Demonstrators condemn Israel’s military operations in the Gaza Strip, near the southern port city of Limassol, Cyprus, January 14, 2024. Lawyers say weapons sales to Israel could render other countries ‘complicit’ in war crimes in Gaza [Petros Karadjias/AP Photo]

Which countries are stopping arms supplies to Israel?

  • In the Netherlands, a court on Monday gave the government one week to block all exports of parts for the F-35 fighter jet, which Israel is using to bomb the Gaza Strip. The ruling was the result of a lawsuit filed by Dutch humanitarian organisations Oxfam Novib, PAX Netherlands Peace Movement Foundation and The Rights Forum against the government. The concerns laid out in this lawsuit overlap with the issues the International Court of Justice (ICJ) is considering in South Africa’s apartheid case against Israel. “It is undeniable that there is a clear risk the exported F-35 parts are used in serious violations of international humanitarian law,” the court ruling stated.
  • In Belgium, a regional government said it suspended two licences for the export of gunpowder to Israel on February 6. It was reported that the regional government cited the ICJ interim ruling which found Israel may “plausibly” be committing genocide in Gaza.
  • Japanese company Itochu Corporation announced on February 5 that it will end its partnership with Israeli weapons manufacturer Elbit Systems by the end of February.

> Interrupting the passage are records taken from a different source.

(** The summand of [G_term] at radius [x] is [g_in k x] inside the Fermi ball and [g_out k tau x]
    outside.  [area_in]/[area_out] are the primitives [P] of [abel_step_error] for them, and
    [err_in]/[err_out] the majorants [W]; [inv_prim] is a primitive of [1 / (k^2 x^2 + tau)]
    when [tau > 0] and of a larger function otherwise. *)

Definition g_in (k x : R) : R := / (k ^ 2 * x ^ 2 + 1).
Definition g_out (k tau x : R) : R := / (k ^ 2 * x ^ 2 + 1) - / (k ^ 2 * x ^ 2 + tau).
Definition dg_in (k x : R) : R := - (2 * k ^ 2 * x) / (k ^ 2 * x ^ 2 + 1) ^ 2.
Definition dg_out (k tau x : R) : R :=
  - (2 * k ^ 2 * x) / (k ^ 2 * x ^ 2 + 1) ^ 2 + (2 * k ^ 2 * x) / (k ^ 2 * x ^ 2 + tau) ^ 2.

Definition area_in (k x : R) : R :=
  - PI * x ^ 2 * g_in k x + PI / k ^ 2 * ln (k ^ 2 * x ^ 2 + 1).
Definition area_out (k mu tau x : R) : R :=
  - PI * x ^ 2 * g_out k tau x
  + PI / k ^ 2 * (ln (k ^ 2 * x ^ 2 + 1) - ln (k ^ 2 * x ^ 2 + tau) + ln (mu + tau)).

Definition err_atan (k x : R) : R := 4 * (- x / (k ^ 2 * x ^ 2 + 1) + atan (k * x) / k).
Definition derr_atan (k x : R) : R := 8 * k ^ 2 * x ^ 2 / (k ^ 2 * x ^ 2 + 1) ^ 2.
Definition err_in (k x : R) : R := err_atan k x + 1 - g_in k x.

Definition inv_prim (k tau x : R) : R :=
  if Rlt_dec 0 tau then atan (k * x / sqrt tau) / (k * sqrt tau)
  else - / (k * sqrt (k ^ 2 * x ^ 2 + tau)).
Definition dinv_prim (k tau x : R) : R :=
  if Rlt_dec 0 tau then / (k ^ 2 * x ^ 2 + tau)
  else k * x / ((k ^ 2 * x ^ 2 + tau) * sqrt (k ^ 2 * x ^ 2 + tau)).

Definition err_out (k tau x : R) : R :=
  if Rle_dec 1 tau then err_atan k x - g_out k tau x
  else 4 * (- x / (k ^ 2 * x ^ 2 + tau) + inv_prim k tau x) + g_out k tau x.
Definition derr_out (k tau x : R) : R :=
  if Rle_dec 1 tau then derr_atan k x - dg_out k tau x
  else 4 * ((- / (k ^ 2 * x ^ 2 + tau) + 2 * k ^ 2 * x ^ 2 / (k ^ 2 * x ^ 2 + tau) ^ 2)
            + dinv_prim k tau x) + dg_out k tau x.

Lemma g_in_derive k x : is_derive (g_in k) x (dg_in k x).
Proof.
  unfold g_in, dg_in. pose proof (pow2_ge_0 (k * x)).
  auto_derive; [nra|field; nra].
Qed.

Lemma g_out_derive k tau x : 0 < k ^ 2 * x ^ 2 + tau -> is_derive (g_out k tau) x (dg_out k tau x).
Proof.
  intros H. unfold g_out, dg_out. pose proof (pow2_ge_0 (k * x)).
  auto_derive; [split; nra|field; split; nra].
Qed.

Lemma area_in_derive k x : 0 < k -> is_derive (area_in k) x (- PI * x ^ 2 * dg_in k x).
Proof.
  intros Hk. unfold area_in, g_in, dg_in. pose proof (pow2_ge_0 (k * x)).
  auto_derive; [repeat split; nra|field; split; nra].
Qed.

Lemma area_out_derive k mu tau x : 0 < k -> 0 < k ^ 2 * x ^ 2 + tau ->
  is_derive (area_out k mu tau) x (- PI * x ^ 2 * dg_out k tau x).
Proof.
  intros Hk H. unfold area_out, g_out, dg_out. pose proof (pow2_ge_0 (k * x)).
  auto_derive; [repeat split; nra|field; repeat split; nra].
Qed.

Lemma err_atan_derive k x : 0 < k -> is_derive (err_atan k) x (derr_atan k x).
Proof.
  intros Hk. unfold err_atan, derr_atan. pose proof (pow2_ge_0 (k * x)).
  auto_derive; [repeat split; nra|field; repeat split; nra].
Qed.

Lemma err_in_derive k x : 0 < k -> is_derive (err_in k) x (derr_atan k x - dg_in k x).
Proof.
  intros Hk. unfold err_in, err_atan, g_in, derr_atan, dg_in. pose proof (pow2_ge_0 (k * x)).
  auto_derive; [repeat split; nra|field; repeat split; nra].
Qed.

Lemma atan_scaled_derive k s x : 0 < k -> 0 < s ->
  is_derive (fun x => atan (k * x / s) / (k * s)) x (/ (k ^ 2 * x ^ 2 + s ^ 2)).
Proof.
  intros Hk Hs. pose proof (pow2_ge_0 (k * x)). auto_derive.
  - repeat split; nra.
  - unfold Rsqr. change RinvImpl.Rinv with Rinv. field. split; [nra|split; [lra|]].
    assert (0 < s * s + k * x * (k * x)) by nra.
    intro E. field_simplify in E; nra.
Qed.

Lemma inv_prim_derive k tau x : 0 < k -> 0 < k ^ 2 * x ^ 2 + tau ->
  is_derive (inv_prim k tau) x (dinv_prim k tau x).
Proof.
  intros Hk H. unfold inv_prim, dinv_prim. destruct (Rlt_dec 0 tau) as [h|h].
  - pose proof (atan_scaled_derive k (sqrt tau) x Hk (sqrt_lt_R0 _ h)) as D.
    rewrite pow2_sqrt in D by lra. exact D.
  - pose proof (sqrt_lt_R0 _ H). auto_derive.
    + repeat split; auto. apply Rgt_not_eq, Rmult_lt_0_compat; auto.
    + replace (k * (k * 1) * (x * (x * 1)) + tau) with (k ^ 2 * x ^ 2 + tau) by ring.
      set (r := sqrt (k ^ 2 * x ^ 2 + tau)) in *.
      assert (E : k ^ 2 * x ^ 2 + tau = r * r) by (unfold r; rewrite sqrt_sqrt; lra).
      clearbody r. rewrite E. field. lra.
Qed.

Lemma err_out_derive k tau x : 0 < k -> 0 < k ^ 2 * x ^ 2 + tau ->
  is_derive (err_out k tau) x (derr_out k tau x).
Proof.
  intros Hk H. unfold err_out, derr_out. destruct (Rle_dec 1 tau) as [h|h].
  - apply (is_derive_minus (err_atan k) (g_out k tau));
      [apply err_atan_derive|apply g_out_derive]; auto.
  - apply (is_derive_plus (fun x => 4 * (- x / (k ^ 2 * x ^ 2 + tau) + inv_prim k tau x))
      (g_out k tau)); [|apply g_out_derive; auto].
    apply (is_derive_scal (fun x => - x / (k ^ 2 * x ^ 2 + tau) + inv_prim k tau x)).
    apply (is_derive_plus (fun x => - x / (k ^ 2 * x ^ 2 + tau)) (inv_prim k tau));
      [|apply inv_prim_derive; auto].
    auto_derive; [lra|field; lra].
Qed.

Lemma err_in_dominates k x : 0 < k -> 0 <= x ->
  (4 * x + 1) * Rabs (dg_in k x) <= derr_atan k x - dg_in k x.
Proof.
  intros Hk Hx. pose proof (pow2_ge_0 (k * x)).
  set (p := / (k ^ 2 * x ^ 2 + 1)).
  assert (Hp : 0 < p) by (unfold p; apply Rinv_0_lt_compat; nra).
  assert (E1 : dg_in k x = - (2 * k ^ 2 * x) * p ^ 2) by (unfold dg_in, p; field; nra).
  assert (E2 : derr_atan k x = 8 * k ^ 2 * x ^ 2 * p ^ 2) by (unfold derr_atan, p; field; nra).
  assert (0 <= 2 * k ^ 2 * x * p ^ 2) by (apply Rmult_le_pos; nra).
  rewrite E1, E2, Rabs_left1; nra.
Qed.

Lemma dinv_prim_ge k tau x : 0 < k -> 0 <= x -> 0 < k ^ 2 * x ^ 2 + tau ->
  / (k ^ 2 * x ^ 2 + tau) <= dinv_prim k tau x.
Proof.
  intros Hk Hx H. unfold dinv_prim. destruct Rlt_dec; [lra|].
  pose proof (sqrt_lt_R0 _ H). set (r := sqrt (k ^ 2 * x ^ 2 + tau)) in *.
  assert (E : k ^ 2 * x ^ 2 + tau = r * r) by (unfold r; rewrite sqrt_sqrt; lra).
  clearbody r. assert (0 <= k * x) by nra. assert (r * r <= (k * x) * (k * x)) by (rewrite <- E; nra).
  rewrite E in *. assert (r <= k * x) by nra.
  apply Rmult_le_reg_r with (r * r * r); [nra|].
  replace (/ (r * r) * (r * r * r)) with r by (field; lra).
  replace (k * x / (r * r * r) * (r * r * r)) with (k * x) by (field; lra). lra.
Qed.

Lemma err_out_dominates k tau x : 0 < k -> 0 <= x -> 0 < k ^ 2 * x ^ 2 + tau ->
  (4 * x + 1) * Rabs (dg_out k tau x) <= derr_out k tau x.
Proof.
  intros Hk Hx H. pose proof (pow2_ge_0 (k * x)).
  set (p := / (k ^ 2 * x ^ 2 + 1)). set (q := / (k ^ 2 * x ^ 2 + tau)).
  assert (Hp : 0 < p) by (unfold p; apply Rinv_0_lt_compat; nra).
  assert (Hq : 0 < q) by (unfold q; apply Rinv_0_lt_compat; nra).
  assert (E1 : dg_out k tau x = 2 * k ^ 2 * x * (q ^ 2 - p ^ 2)) by (unfold dg_out, p, q; field; nra).
  assert (Hkx : 0 <= 2 * k ^ 2 * x) by nra.
  unfold derr_out. rewrite E1. destruct (Rle_dec 1 tau) as [h|h].
  - assert (q <= p) by (unfold p, q; apply Rinv_le_contravar; nra).
    assert (E2 : derr_atan k x = 8 * k ^ 2 * x ^ 2 * p ^ 2) by (unfold derr_atan, p; field; nra).
    assert (0 <= 2 * k ^ 2 * x * (p ^ 2 - q ^ 2)) by (apply Rmult_le_pos; nra).
    assert (0 <= x * (2 * k ^ 2 * x * q ^ 2)) by (apply Rmult_le_pos; nra).
    rewrite E2, Rabs_left1; nra.
  - assert (p <= q) by (unfold p, q; apply Rinv_le_contravar; nra).
    pose proof (dinv_prim_ge k tau x Hk Hx H) as HB. fold q in HB.
    replace (2 * k ^ 2 * x ^ 2 / (k ^ 2 * x ^ 2 + tau) ^ 2) with (2 * k ^ 2 * x ^ 2 * q ^ 2)
      by (unfold q; field; nra).
    fold q. assert (0 <= 2 * k ^ 2 * x * (q ^ 2 - p ^ 2)) by (apply Rmult_le_pos; nra).
    assert (0 <= x * (2 * k ^ 2 * x * p ^ 2)) by (apply Rmult_le_pos; nra).
    rewrite Rabs_right by lra. nra.
Qed.

(** [x_mu k mu] is the radius of the Fermi ball [k^2 x^2 = mu]; across it the profile jumps by
    [1 / (mu + tau)], which costs [jump_err] in the comparison. *)

Definition x_mu (k mu : R) : R := sqrt (mu / k ^ 2).
Definition jump_err (k mu tau : R) : R := (4 * x_mu k mu + 1) / (mu + tau).

Definition area_prim (k mu tau x : R) : R :=
  if Rle_dec x (x_mu k mu) then area_in k x else area_out k mu tau x.
Definition err_prim (k mu tau x : R) : R :=
  if Rle_dec x (x_mu k mu) then err_in k x
  else err_in k (x_mu k mu) + jump_err k mu tau + (err_out k tau x - err_out k tau (x_mu k mu)).

Definition shell_val (k mu tau c : R) : R :=
  / (k ^ 2 * c + 1) - chi_gt mu (k ^ 2 * c) / (k ^ 2 * c + tau).

Lemma x_mu_spec k mu : 0 < k -> 0 < mu -> 0 < x_mu k mu /\ k ^ 2 * x_mu k mu ^ 2 = mu.
Proof.
  intros Hk Hm. assert (0 < mu / k ^ 2) by (apply Rdiv_lt_0_compat; nra).
  unfold x_mu. split; [apply sqrt_lt_R0; auto|]. rewrite pow2_sqrt by lra. field. lra.
Qed.

Lemma le_x_mu_iff k mu x : 0 < k -> 0 < mu -> 0 <= x -> (x <= x_mu k mu <-> k ^ 2 * x ^ 2 <= mu).
Proof.
  intros Hk Hm Hx. destruct (x_mu_spec k mu Hk Hm) as [H1 H2]. set (y := x_mu k mu) in *.
  split; intros.
  - assert (x ^ 2 <= y ^ 2) by nra. nra.
  - destruct (Rle_or_lt x y); auto. assert (y ^ 2 < x ^ 2) by nra. nra.
Qed.

Lemma shell_val_in k mu tau x : 0 < k -> 0 < mu -> 0 <= x -> x <= x_mu k mu ->
  shell_val k mu tau (x ^ 2) = g_in k x.
Proof.
  intros Hk Hm Hx H. apply le_x_mu_iff in H; auto. unfold shell_val, g_in, chi_gt.
  destruct Rlt_dec; [lra|]. unfold Rdiv. ring.
Qed.

Lemma shell_val_out k mu tau x : 0 < k -> 0 < mu -> 0 <= x -> x_mu k mu < x ->
  shell_val k mu tau (x ^ 2) = g_out k tau x.
Proof.
  intros Hk Hm Hx H. assert (~ (k ^ 2 * x ^ 2 <= mu)) by (rewrite <- le_x_mu_iff; auto; lra).
  unfold shell_val, g_out, chi_gt. destruct Rlt_dec; [|lra]. unfold Rdiv. ring.
Qed.

Lemma pow2_sqrt_INR m : sqrt (INR m) ^ 2 = INR m.
Proof. apply pow2_sqrt, pos_INR. Qed.

Lemma disc_count_approx_shell N m x : (S m <= N * N)%nat ->
  sqrt (INR m) <= x < sqrt (INR (S m)) -> Rabs (disc_count N (INR m) - PI * x ^ 2) <= 4 * x + 1.
Proof.
  intros HN Hx. pose proof (sqrt_pos (INR m)).
  assert (E1 : INR m <= x ^ 2) by (rewrite <- (pow2_sqrt_INR m); nra).
  assert (E2 : x ^ 2 < INR m + 1) by (rewrite <- S_INR, <- (pow2_sqrt_INR (S m)); nra).
  rewrite <- (disc_count_floor N m (x ^ 2)) by lra.
  replace (4 * x + 1) with (4 * sqrt (x ^ 2) + 1) by (rewrite sqrt_pow2; lra).
  apply le_INR in HN. rewrite mult_INR, S_INR in HN.
  apply disc_count_approx; nra.
Qed.

Section AbelSteps.

Variables (k mu tau : R) (N m : nat).
Hypotheses (Hk : 0 < k) (Hmu : 0 < mu) (Htau : - mu < tau) (HN : (S m <= N * N)%nat).
Let A := disc_count N (INR m).

Lemma abel_step_in a b : sqrt (INR m) <= a -> a <= b -> b <= sqrt (INR (S m)) -> b <= x_mu k mu ->
  Rabs (A * (g_in k a - g_in k b) - (area_in k b - area_in k a)) <= err_in k b - err_in k a.
Proof.
  intros H1 H2 H3 H4. pose proof (sqrt_pos (INR m)).
  apply (abel_step_error A (g_in k) (dg_in k) (area_in k) (err_in k)
    (fun x => derr_atan k x - dg_in k x)); auto.
  - intros; apply g_in_derive.
  - intros; apply area_in_derive; auto.
  - intros; apply err_in_derive; auto.
  - intros x Hx. split; [apply err_in_dominates; auto; lra|].
    apply disc_count_approx_shell; auto; lra.
Qed.

Lemma abel_step_out a b : sqrt (INR m) <= a -> a <= b -> b <= sqrt (INR (S m)) -> x_mu k mu <= a ->
  Rabs (A * (g_out k tau a - g_out k tau b) - (area_out k mu tau b - area_out k mu tau a))
  <= err_out k tau b - err_out k tau a.
Proof.
  intros H1 H2 H3 H4. pose proof (sqrt_pos (INR m)).
  destruct (x_mu_spec k mu Hk Hmu) as [X1 X2].
  assert (Hpos : forall x, a <= x <= b -> 0 < k ^ 2 * x ^ 2 + tau)
    by (intros x Hx; assert (x_mu k mu ^ 2 <= x ^ 2) by nra; nra).
  apply (abel_step_error A (g_out k tau) (dg_out k tau) (area_out k mu tau) (err_out k tau)
    (derr_out k tau)); auto.
  - intros; apply g_out_derive; auto.
  - intros; apply area_out_derive; auto.
  - intros; apply err_out_derive; auto.
  - intros x Hx. split; [apply err_out_dominates; auto; [lra|apply Hpos; lra]|].
    apply disc_count_approx_shell; auto; lra.
Qed.

(** A shell that straddles the Fermi ball is cut at [x_mu]; the jump of the profile there
    is matched by the jump [PI x_mu^2 / (mu + tau)] of the primitive. *)
Lemma abel_step_crossing al be : sqrt (INR m) = al -> be = sqrt (INR (S m)) ->
  al <= x_mu k mu < be ->
  Rabs (A * (g_in k al - g_out k tau be) - (area_out k mu tau be - area_in k al))
  <= err_in k (x_mu k mu) + jump_err k mu tau + (err_out k tau be - err_out k tau (x_mu k mu))
     - err_in k al.
Proof.
  intros Ha Hb Hy. destruct (x_mu_spec k mu Hk Hmu) as [X1 X2]. set (y := x_mu k mu) in *.
  pose proof (abel_step_in al y ltac:(lra) ltac:(lra) ltac:(lra) (Rle_refl _)) as S1.
  pose proof (abel_step_out y be ltac:(lra) ltac:(lra) ltac:(lra) (Rle_refl _)) as S3.
  assert (S2 : Rabs ((A - PI * y ^ 2) / (mu + tau)) <= jump_err k mu tau).
  { unfold jump_err, Rdiv. fold y. rewrite Rabs_mult, (Rabs_right (/ (mu + tau)))
      by (left; apply Rinv_0_lt_compat; lra).
    apply Rmult_le_compat_r; [left; apply Rinv_0_lt_compat; lra|].
    apply disc_count_approx_shell; auto; lra. }
  assert (Ej : g_in k y = g_out k tau y + / (mu + tau)) by (unfold g_in, g_out; rewrite X2; ring).
  assert (EP : area_out k mu tau y = area_in k y + PI * y ^ 2 / (mu + tau)).
  { unfold area_out, area_in. rewrite X2, Ej. field. lra. }
  replace (A * (g_in k al - g_out k tau be) - (area_out k mu tau be - area_in k al)) with
    ((A * (g_in k al - g_in k y) - (area_in k y - area_in k al)) + (A - PI * y ^ 2) / (mu + tau)
     + (A * (g_out k tau y - g_out k tau be) - (area_out k mu tau be - area_out k mu tau y)))
    by (rewrite EP, Ej; field; lra).
  eapply Rle_trans; [apply Rabs_triang|].
  eapply Rle_trans; [apply Rplus_le_compat_r, Rabs_triang|]. lra.
Qed.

Itochu chief financial officer Tsuyoshi Hachimura told a news conference that the suspension of a memorandum of understanding (MOU) with Elbit Systems was based on a request from Japan’s Ministry of Defense and “not in any way related to the current conflict between Israel and Palestine”. However, he added: “Taking into consideration the International Court of Justice’s order on January 26, and that the Japanese government supports the role of the Court, we have already suspended new activities related to the MOU, and plan to end the MOU by the end of February.”
  • Foreign Minister Antonio Tajani said on January 20 that Italy had suspended all shipments of weapons systems or military material to Israel since the outbreak of the war on October 7. This was in response to Democratic Party leader Elly Schlein’s calls on the government to halt the supply of weapons to Israel.
  • Spain’s foreign minister said in January the country has not sold any arms to Israel since the start of the war and that there is now an embargo on weapon sales. However, on Monday, the Spanish daily El Diario released a report showing that Spain had exported ammunition worth about $1.1m to Israel in November. Spain’s secretary of state for trade justified selling the ammo, telling El Diario that the “material was for tests or demonstrations” and “corresponds to licences granted before October 7″.

What role has the ICJ ruling played in halting arms sales?

In its interim ruling on South Africa’s genocide case against Israel on January 26, the ICJ stated that Israel is “plausibly” committing genocide in Gaza and ordered it to take “all measures within its power” to prevent acts that could amount to genocide against Palestinians in Gaza. This has spurred humanitarian organisations around the world to pressure their governments to halt sales of arms and military aid.

The ruling “goes beyond Israel” alone, said Raed Jarrar, advocacy director at Washington, DC-based think tank Democracy for the Arab World Now (DAWN). The interim ruling highlights the legal and political obligations of countries to prevent genocide. Advocates say weapons sales and military aid could be deemed to amount to complicity in genocide and be in violation of international law.